[Recorded data]
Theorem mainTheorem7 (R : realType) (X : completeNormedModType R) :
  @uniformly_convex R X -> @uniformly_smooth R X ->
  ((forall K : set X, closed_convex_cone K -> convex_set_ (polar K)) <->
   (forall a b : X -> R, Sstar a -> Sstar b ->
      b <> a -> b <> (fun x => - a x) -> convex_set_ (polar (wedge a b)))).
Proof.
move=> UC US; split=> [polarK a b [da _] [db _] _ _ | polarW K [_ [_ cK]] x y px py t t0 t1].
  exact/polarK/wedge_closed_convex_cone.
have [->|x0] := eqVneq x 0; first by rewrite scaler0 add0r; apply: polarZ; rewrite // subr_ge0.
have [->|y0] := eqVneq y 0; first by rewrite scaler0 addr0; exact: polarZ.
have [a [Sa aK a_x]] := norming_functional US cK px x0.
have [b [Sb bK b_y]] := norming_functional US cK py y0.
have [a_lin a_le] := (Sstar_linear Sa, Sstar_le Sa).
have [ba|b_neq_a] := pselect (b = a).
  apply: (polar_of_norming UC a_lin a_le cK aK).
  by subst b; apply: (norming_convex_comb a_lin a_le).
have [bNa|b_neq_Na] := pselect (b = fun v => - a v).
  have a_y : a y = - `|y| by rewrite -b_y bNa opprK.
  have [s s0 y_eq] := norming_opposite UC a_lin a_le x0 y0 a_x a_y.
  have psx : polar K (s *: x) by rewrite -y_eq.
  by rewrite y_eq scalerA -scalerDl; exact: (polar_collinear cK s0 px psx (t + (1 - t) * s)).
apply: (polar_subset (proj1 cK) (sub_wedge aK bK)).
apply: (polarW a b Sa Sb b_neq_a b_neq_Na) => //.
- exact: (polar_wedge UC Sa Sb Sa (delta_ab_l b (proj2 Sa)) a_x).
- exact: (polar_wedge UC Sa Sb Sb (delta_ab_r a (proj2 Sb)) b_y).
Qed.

→ Your goal:
From the first line to the last, transcribe the records exactly.

→ Your response:
Theorem mainTheorem7 (R : realType) (X : completeNormedModType R) :
  @uniformly_convex R X -> @uniformly_smooth R X ->
  ((forall K : set X, closed_convex_cone K -> convex_set_ (polar K)) <->
   (forall a b : X -> R, Sstar a -> Sstar b ->
      b <> a -> b <> (fun x => - a x) -> convex_set_ (polar (wedge a b)))).
Proof.
move=> UC US; split=> [polarK a b [da _] [db _] _ _ | polarW K [_ [_ cK]] x y px py t t0 t1].
  exact/polarK/wedge_closed_convex_cone.
have [->|x0] := eqVneq x 0; first by rewrite scaler0 add0r; apply: polarZ; rewrite // subr_ge0.
have [->|y0] := eqVneq y 0; first by rewrite scaler0 addr0; exact: polarZ.
have [a [Sa aK a_x]] := norming_functional US cK px x0.
have [b [Sb bK b_y]] := norming_functional US cK py y0.
have [a_lin a_le] := (Sstar_linear Sa, Sstar_le Sa).
have [ba|b_neq_a] := pselect (b = a).
  apply: (polar_of_norming UC a_lin a_le cK aK).
  by subst b; apply: (norming_convex_comb a_lin a_le).
have [bNa|b_neq_Na] := pselect (b = fun v => - a v).
  have a_y : a y = - `|y| by rewrite -b_y bNa opprK.
  have [s s0 y_eq] := norming_opposite UC a_lin a_le x0 y0 a_x a_y.
  have psx : polar K (s *: x) by rewrite -y_eq.
  by rewrite y_eq scalerA -scalerDl; exact: (polar_collinear cK s0 px psx (t + (1 - t) * s)).
apply: (polar_subset (proj1 cK) (sub_wedge aK bK)).
apply: (polarW a b Sa Sb b_neq_a b_neq_Na) => //.
- exact: (polar_wedge UC Sa Sb Sa (delta_ab_l b (proj2 Sa)) a_x).
- exact: (polar_wedge UC Sa Sb Sb (delta_ab_r a (proj2 Sb)) b_y).
Qed.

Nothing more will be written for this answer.